* [WHAT TO WORK ON]: Which lines of the records below contain the word "ltnn"? Copy each of them out.

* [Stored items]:
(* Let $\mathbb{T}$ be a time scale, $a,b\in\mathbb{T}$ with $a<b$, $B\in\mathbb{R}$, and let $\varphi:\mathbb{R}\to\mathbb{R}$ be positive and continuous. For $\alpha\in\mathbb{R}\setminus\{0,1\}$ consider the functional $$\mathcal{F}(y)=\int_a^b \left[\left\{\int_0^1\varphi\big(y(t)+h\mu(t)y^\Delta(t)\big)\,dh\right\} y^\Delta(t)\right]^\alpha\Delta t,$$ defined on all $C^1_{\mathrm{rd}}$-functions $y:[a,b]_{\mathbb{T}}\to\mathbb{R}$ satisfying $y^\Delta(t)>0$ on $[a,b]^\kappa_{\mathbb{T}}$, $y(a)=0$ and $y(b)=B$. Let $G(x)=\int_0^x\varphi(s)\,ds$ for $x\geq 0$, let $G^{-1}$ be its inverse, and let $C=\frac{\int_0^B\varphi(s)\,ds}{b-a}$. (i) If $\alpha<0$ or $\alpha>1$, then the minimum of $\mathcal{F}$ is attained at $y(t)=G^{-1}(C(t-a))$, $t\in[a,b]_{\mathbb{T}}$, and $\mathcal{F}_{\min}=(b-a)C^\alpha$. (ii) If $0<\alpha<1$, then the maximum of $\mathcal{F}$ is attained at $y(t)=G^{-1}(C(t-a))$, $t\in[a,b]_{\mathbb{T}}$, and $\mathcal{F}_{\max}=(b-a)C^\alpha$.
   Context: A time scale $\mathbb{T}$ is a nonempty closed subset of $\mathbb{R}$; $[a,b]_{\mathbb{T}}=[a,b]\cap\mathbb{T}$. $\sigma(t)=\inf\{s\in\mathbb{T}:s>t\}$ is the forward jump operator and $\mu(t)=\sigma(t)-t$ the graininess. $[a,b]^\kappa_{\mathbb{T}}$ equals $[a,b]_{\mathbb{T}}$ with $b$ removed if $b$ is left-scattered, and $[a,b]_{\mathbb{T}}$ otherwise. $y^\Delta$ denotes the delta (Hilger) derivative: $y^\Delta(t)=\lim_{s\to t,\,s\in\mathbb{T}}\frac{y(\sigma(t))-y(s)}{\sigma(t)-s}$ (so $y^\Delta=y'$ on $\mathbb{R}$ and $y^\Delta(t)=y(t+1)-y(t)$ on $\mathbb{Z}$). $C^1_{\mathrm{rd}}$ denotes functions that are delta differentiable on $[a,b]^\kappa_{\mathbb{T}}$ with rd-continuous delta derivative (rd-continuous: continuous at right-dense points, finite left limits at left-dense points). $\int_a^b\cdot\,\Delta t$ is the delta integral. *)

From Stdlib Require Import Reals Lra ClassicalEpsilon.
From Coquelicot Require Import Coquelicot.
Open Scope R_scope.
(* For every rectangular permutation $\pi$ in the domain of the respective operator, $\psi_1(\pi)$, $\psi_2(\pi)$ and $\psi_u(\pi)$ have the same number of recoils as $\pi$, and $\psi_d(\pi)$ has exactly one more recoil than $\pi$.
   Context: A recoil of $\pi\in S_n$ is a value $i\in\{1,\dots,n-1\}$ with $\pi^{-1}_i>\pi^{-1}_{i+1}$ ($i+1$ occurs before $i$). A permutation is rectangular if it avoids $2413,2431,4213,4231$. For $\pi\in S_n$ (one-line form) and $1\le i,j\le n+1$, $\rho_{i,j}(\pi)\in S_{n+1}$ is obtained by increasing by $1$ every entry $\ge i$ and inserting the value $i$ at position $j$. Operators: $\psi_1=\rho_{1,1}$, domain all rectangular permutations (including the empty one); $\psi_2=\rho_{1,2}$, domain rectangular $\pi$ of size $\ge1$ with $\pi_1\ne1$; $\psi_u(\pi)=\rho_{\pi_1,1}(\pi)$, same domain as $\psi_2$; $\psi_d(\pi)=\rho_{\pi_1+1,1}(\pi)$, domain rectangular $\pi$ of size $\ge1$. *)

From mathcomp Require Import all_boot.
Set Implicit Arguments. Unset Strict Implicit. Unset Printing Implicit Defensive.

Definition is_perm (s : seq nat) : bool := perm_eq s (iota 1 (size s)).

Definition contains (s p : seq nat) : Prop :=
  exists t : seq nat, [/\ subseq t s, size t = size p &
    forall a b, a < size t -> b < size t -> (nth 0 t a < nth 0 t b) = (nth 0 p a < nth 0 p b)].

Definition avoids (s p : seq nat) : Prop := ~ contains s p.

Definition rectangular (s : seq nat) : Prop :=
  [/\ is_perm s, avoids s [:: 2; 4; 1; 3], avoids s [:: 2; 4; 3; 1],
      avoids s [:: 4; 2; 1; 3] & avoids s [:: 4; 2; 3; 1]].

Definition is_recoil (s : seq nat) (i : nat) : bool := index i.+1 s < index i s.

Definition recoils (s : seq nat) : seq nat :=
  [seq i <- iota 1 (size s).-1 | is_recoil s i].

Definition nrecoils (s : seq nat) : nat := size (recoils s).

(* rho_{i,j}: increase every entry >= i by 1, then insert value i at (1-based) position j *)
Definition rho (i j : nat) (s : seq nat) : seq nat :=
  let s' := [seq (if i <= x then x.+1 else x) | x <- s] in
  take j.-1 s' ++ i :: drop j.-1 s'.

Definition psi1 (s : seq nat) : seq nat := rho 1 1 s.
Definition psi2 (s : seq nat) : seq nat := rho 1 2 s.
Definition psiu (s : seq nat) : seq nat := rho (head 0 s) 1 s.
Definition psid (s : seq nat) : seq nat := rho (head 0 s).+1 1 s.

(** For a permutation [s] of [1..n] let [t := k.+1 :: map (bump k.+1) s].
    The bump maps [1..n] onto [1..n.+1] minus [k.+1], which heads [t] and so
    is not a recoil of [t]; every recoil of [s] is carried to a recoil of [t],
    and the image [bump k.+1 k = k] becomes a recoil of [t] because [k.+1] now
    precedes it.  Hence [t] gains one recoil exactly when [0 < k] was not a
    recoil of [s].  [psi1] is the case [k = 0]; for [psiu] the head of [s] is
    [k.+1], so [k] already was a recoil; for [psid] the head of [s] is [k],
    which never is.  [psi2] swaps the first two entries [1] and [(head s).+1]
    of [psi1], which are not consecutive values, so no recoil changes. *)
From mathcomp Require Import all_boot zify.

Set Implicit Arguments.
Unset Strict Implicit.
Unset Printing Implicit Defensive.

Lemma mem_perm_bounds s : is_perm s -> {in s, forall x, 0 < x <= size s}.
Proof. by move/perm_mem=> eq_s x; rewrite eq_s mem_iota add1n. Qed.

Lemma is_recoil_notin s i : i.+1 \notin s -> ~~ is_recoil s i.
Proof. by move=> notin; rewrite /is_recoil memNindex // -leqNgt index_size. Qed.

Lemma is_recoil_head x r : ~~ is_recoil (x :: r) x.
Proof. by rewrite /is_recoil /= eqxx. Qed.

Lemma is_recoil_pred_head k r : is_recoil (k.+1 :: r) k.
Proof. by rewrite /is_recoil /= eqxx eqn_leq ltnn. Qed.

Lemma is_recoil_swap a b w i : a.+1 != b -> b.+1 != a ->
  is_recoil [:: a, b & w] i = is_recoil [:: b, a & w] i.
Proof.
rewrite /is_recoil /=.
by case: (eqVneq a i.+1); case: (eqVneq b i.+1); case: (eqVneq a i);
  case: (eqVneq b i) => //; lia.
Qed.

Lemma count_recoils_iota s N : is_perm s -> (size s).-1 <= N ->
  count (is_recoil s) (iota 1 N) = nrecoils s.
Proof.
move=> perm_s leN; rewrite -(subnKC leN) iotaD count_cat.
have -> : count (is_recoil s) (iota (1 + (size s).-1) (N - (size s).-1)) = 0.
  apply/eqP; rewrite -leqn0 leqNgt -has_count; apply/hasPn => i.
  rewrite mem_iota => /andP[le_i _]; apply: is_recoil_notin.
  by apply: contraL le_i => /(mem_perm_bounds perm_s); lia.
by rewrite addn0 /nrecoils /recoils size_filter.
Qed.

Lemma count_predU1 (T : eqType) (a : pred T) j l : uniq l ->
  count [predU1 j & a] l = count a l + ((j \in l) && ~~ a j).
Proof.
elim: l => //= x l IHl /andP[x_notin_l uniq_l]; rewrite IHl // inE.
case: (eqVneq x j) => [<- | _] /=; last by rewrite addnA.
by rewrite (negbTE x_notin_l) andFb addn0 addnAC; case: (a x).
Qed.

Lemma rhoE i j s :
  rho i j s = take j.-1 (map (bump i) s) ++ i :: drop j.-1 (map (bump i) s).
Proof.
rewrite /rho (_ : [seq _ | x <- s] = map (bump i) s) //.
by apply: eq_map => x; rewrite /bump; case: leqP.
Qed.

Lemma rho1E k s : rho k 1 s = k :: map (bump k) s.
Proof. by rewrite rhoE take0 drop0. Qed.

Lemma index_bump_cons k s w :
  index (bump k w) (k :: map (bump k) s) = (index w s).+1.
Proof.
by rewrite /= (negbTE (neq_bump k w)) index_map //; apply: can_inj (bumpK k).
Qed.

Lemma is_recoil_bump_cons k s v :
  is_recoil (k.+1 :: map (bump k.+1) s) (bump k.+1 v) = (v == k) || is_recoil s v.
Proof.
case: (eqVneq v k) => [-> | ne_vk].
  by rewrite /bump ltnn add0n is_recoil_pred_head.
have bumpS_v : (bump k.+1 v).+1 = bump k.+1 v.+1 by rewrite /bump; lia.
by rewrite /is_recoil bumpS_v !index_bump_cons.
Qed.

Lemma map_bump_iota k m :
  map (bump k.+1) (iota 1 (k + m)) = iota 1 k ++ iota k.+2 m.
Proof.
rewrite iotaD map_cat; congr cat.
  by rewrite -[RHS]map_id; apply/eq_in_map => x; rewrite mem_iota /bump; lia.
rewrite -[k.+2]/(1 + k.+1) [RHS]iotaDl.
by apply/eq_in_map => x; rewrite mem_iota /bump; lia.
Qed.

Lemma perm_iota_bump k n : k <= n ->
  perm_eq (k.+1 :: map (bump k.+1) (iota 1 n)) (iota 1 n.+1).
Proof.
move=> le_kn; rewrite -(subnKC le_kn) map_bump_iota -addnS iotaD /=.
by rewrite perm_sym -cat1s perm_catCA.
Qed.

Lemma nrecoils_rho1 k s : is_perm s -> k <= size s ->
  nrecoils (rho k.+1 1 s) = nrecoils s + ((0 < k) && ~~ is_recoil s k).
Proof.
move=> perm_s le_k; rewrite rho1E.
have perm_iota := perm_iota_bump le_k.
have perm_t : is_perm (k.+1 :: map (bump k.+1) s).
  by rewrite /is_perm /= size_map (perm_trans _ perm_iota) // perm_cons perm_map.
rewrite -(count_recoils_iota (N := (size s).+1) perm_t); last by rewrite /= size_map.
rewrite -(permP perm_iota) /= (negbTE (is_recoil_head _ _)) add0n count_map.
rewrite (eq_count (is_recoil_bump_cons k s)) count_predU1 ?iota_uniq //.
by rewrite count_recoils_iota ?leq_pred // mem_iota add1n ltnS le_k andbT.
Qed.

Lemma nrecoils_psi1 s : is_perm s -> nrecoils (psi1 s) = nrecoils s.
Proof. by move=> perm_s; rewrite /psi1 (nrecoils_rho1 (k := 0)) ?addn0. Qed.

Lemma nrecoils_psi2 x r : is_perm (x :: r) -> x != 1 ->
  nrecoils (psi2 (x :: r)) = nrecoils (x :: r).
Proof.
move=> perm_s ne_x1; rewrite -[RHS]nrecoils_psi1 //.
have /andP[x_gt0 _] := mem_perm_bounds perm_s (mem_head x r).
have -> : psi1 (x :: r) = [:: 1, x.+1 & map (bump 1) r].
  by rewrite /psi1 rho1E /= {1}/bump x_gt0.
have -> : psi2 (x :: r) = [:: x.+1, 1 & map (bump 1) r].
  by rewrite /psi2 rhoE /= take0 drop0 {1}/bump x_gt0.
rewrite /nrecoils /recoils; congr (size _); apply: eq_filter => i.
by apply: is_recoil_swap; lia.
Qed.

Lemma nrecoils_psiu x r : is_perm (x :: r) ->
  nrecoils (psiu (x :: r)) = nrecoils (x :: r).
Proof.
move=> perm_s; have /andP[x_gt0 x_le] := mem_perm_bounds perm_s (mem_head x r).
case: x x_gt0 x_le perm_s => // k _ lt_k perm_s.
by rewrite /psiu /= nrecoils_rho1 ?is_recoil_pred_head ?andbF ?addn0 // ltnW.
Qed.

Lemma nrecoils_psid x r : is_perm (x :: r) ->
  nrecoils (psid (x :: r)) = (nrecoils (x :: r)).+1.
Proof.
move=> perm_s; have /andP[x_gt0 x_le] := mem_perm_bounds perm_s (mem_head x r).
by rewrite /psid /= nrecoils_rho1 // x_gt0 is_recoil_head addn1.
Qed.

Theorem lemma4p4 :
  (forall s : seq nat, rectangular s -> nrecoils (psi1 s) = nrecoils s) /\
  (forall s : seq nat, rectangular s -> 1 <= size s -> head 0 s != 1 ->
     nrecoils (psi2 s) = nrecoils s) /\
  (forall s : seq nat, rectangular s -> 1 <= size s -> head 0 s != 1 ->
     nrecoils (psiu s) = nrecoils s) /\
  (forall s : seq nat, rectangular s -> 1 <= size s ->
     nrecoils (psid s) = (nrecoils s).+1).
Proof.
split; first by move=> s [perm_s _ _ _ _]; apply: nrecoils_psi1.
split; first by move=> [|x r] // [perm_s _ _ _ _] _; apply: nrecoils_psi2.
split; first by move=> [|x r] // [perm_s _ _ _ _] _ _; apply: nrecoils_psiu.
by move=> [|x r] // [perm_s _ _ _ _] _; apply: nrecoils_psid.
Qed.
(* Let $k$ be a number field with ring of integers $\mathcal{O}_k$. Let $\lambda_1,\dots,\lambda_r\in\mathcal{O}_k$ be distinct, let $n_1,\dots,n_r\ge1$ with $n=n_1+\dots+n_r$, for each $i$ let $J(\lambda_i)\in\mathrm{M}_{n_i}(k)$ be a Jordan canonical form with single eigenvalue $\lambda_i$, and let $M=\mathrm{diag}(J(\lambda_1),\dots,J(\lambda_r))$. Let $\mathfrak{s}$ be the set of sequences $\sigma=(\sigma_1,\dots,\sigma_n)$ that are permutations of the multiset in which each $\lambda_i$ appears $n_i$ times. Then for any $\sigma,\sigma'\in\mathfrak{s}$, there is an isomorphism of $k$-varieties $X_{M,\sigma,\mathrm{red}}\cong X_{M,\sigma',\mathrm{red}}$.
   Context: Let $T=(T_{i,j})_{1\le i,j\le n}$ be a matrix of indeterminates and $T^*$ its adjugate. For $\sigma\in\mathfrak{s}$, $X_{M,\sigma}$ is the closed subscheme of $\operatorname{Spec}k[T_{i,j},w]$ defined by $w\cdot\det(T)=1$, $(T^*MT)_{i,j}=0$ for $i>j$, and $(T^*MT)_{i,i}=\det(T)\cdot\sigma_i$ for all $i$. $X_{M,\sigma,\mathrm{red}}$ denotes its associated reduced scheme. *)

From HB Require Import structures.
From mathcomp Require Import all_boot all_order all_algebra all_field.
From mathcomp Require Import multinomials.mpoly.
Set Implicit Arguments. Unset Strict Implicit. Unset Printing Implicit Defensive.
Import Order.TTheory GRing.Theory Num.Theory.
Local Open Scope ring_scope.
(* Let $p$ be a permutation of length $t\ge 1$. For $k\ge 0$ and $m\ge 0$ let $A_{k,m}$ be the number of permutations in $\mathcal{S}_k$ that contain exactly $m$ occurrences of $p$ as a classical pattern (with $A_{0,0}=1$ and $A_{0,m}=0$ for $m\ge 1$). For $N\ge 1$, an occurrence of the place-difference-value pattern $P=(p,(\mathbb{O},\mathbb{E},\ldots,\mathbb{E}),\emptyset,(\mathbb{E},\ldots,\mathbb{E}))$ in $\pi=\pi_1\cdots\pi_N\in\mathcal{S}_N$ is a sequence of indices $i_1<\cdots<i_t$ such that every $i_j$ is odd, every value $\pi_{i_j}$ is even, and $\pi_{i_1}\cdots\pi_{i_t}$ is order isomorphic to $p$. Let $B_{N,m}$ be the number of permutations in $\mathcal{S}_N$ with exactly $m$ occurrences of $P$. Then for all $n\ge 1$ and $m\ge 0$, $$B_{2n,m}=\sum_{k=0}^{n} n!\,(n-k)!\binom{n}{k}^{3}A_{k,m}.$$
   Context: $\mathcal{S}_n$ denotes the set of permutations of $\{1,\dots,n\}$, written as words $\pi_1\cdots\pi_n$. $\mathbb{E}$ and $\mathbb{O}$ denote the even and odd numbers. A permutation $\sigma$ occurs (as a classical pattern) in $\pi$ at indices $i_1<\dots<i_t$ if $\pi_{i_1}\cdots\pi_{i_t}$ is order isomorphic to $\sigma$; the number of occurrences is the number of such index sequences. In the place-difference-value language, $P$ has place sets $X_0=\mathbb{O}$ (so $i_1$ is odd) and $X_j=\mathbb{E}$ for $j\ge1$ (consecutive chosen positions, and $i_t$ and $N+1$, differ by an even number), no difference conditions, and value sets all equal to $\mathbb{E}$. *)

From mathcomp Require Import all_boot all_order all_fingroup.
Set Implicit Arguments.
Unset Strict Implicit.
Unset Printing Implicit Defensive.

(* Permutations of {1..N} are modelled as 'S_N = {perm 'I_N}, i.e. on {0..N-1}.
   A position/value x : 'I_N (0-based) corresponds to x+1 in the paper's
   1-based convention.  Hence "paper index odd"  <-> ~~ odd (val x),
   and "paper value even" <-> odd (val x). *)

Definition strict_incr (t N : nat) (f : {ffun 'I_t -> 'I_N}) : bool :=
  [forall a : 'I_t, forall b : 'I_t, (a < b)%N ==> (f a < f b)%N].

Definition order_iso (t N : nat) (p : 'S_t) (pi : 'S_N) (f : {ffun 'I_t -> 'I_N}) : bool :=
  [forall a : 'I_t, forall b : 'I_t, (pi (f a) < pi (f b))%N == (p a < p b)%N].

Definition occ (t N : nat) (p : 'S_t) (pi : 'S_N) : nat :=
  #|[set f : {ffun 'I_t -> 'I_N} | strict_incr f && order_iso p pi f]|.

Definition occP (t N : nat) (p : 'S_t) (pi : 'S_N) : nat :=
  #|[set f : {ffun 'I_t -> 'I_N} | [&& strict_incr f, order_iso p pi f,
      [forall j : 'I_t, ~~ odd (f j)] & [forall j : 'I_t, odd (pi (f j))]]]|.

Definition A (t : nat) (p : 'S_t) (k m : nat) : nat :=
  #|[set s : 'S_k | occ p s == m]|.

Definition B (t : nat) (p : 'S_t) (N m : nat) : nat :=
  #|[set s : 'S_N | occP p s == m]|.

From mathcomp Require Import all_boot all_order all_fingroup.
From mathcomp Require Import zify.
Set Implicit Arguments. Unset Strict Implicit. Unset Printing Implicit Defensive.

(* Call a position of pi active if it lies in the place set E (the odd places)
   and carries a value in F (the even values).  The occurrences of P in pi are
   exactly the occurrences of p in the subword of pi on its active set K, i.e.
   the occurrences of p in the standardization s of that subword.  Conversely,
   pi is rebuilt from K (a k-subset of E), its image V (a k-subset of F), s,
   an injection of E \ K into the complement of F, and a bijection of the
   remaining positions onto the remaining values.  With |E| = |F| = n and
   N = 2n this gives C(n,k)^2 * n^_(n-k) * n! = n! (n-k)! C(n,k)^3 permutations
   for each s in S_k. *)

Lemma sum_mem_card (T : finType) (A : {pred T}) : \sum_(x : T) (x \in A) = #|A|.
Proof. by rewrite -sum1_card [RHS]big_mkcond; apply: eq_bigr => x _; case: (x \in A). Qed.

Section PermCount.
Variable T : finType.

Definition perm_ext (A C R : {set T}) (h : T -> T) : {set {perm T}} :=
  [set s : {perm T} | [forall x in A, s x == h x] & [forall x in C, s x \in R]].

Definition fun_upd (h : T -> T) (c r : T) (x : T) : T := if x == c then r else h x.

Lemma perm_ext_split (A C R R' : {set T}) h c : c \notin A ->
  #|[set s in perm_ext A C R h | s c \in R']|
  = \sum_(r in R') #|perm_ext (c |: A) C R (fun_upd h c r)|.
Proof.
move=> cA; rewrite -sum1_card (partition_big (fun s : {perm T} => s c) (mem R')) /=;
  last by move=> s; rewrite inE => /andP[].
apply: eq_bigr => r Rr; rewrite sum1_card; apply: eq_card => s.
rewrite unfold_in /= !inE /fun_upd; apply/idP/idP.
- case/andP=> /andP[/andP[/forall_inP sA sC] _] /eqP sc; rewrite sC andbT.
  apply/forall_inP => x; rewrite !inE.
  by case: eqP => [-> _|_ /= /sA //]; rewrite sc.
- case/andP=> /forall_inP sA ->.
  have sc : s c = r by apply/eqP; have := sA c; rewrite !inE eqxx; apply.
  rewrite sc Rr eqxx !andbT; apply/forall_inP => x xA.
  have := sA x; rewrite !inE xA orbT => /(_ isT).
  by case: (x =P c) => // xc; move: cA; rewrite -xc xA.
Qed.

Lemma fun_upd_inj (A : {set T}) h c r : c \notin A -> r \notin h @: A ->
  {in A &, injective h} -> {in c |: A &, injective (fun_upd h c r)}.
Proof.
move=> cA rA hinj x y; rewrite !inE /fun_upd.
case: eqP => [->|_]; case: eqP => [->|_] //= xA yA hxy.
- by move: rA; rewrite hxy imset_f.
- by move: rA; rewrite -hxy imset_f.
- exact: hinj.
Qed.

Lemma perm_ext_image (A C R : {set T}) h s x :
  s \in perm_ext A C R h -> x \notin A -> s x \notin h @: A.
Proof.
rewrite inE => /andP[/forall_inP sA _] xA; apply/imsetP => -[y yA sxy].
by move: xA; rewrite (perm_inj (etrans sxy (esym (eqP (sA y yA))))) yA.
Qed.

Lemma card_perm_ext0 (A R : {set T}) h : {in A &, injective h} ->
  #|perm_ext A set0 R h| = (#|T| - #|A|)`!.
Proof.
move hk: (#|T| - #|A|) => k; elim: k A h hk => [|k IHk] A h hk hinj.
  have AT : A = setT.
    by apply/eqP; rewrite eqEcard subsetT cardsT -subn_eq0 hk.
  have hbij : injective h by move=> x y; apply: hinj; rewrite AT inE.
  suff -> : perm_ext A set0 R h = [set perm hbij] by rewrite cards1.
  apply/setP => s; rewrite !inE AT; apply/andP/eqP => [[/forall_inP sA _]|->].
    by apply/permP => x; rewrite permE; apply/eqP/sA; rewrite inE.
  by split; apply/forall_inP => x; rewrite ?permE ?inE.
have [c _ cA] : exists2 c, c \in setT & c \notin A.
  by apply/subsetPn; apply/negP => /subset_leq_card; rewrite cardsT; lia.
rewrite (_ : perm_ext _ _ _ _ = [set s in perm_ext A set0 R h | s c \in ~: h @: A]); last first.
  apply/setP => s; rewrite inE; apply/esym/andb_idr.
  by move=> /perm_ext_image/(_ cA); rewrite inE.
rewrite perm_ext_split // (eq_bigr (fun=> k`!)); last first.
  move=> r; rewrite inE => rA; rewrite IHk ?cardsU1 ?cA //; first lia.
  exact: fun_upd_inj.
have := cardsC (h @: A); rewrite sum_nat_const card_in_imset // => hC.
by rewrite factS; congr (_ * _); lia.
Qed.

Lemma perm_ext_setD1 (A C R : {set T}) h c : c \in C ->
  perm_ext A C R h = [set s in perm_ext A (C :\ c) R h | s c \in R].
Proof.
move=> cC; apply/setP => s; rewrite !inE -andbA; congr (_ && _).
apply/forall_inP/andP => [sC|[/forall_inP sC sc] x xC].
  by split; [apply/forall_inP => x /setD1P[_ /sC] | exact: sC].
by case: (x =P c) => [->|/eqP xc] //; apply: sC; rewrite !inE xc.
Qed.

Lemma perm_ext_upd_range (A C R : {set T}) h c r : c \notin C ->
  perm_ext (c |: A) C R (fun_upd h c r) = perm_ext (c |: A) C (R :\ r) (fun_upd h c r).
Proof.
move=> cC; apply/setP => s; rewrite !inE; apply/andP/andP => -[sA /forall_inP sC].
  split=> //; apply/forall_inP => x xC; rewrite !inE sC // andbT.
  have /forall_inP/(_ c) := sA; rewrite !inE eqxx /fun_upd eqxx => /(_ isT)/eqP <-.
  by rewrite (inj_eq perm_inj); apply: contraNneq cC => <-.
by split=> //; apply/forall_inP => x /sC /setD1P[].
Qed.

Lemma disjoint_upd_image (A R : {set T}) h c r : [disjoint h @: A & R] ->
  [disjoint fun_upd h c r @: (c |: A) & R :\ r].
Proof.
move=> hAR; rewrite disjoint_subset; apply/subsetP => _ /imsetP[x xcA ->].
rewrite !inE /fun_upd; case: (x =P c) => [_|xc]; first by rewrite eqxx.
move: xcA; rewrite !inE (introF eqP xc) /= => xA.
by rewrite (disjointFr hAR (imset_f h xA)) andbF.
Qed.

* [ANSWER SPACE]:
Proof. by rewrite /is_recoil /= eqxx eqn_leq ltnn. Qed.
  by rewrite /bump ltnn add0n is_recoil_pred_head.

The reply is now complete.